**Problem statement**
The line containing "From mathcomp.real_closed Require" and every line after it, through the last one below: output exactly these and nothing else.

○ ○ ○ ○ ○

(* For every $n\geq 1$ and every $\varepsilon>0$ there is $M$ such that for all $m\geq M$, Duplicator has a winning strategy in the game $\Gamma_{\mathrm{HS}}(\mathbb M_m,\mathbb M_{m+1},n,\varepsilon)$.
   Context: $\mathbb M_m$ denotes the algebra of complex $m\times m$ matrices with matrix multiplication, addition, scalar multiplication and adjoint $a^*$ (conjugate transpose). For a vector $\xi=(x_1,\dots,x_m)\in\mathbb C^m$, $\|\xi\|=\sqrt{\sum_i|x_i|^2}$; the operator norm of $a\in\mathbb M_m$ is $\|a\|_{\mathrm{OP}}=\sup\{\|a\xi\|:\|\xi\|=1\}$, and the normalized Hilbert--Schmidt norm of $a=(a_{ij})$ is $\|a\|_{\mathrm{HS}}=\sqrt{\frac1m\sum_{i,j=1}^m|a_{ij}|^2}$. For $l,m,n\geq 1$ and $\varepsilon>0$, the game $\Gamma_{\mathrm{HS}}(\mathbb M_l,\mathbb M_m,n,\varepsilon)$ between Challenger and Duplicator lasts $n$ innings: in each inning Challenger chooses a matrix $x$ with $\|x\|_{\mathrm{OP}}\leq 1$ in one of $\mathbb M_l$, $\mathbb M_m$, and Duplicator responds with a matrix $x$ with $\|x\|_{\mathrm{OP}}\leq 1$ in the other algebra; thus in inning $j$ matrices $a_j\in\mathbb M_l$ and $b_j\in\mathbb M_m$ are determined (repetitions are allowed). After $n$ innings Duplicator wins iff for all $i,j,k\leq n$ and all complex numbers $y,z$ with $\max(|y|,|z|)\leq 1$, each of the quantities $\big|\|a_i\|_{\mathrm{HS}}-\|b_i\|_{\mathrm{HS}}\big|$, $\big|\|a_ia_j-a_k\|_{\mathrm{HS}}-\|b_ib_j-b_k\|_{\mathrm{HS}}\big|$, $\big|\|ya_i+za_j-a_k\|_{\mathrm{HS}}-\|yb_i+zb_j-b_k\|_{\mathrm{HS}}\big|$ and $\big|\|a_i^*-a_j\|_{\mathrm{HS}}-\|b_i^*-b_j\|_{\mathrm{HS}}\big|$ is at most $\varepsilon$; otherwise Challenger wins. A winning strategy for a player is a rule specifying that player's moves as a function of previous moves such that the player wins regardless of the opponent's play. *)

From mathcomp Require Import all_boot all_order all_algebra reals.
From mathcomp.real_closed Require Import complex.
Set Implicit Arguments. Unset Strict Implicit. Unset Printing Implicit Defensive.
Import Order.TTheory GRing.Theory Num.Theory.
Local Open Scope ring_scope.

○ ○ ○ ○ ○

**Result**
From mathcomp.real_closed Require Import complex.
Set Implicit Arguments. Unset Strict Implicit. Unset Printing Implicit Defensive.
Import Order.TTheory GRing.Theory Num.Theory.
Local Open Scope ring_scope.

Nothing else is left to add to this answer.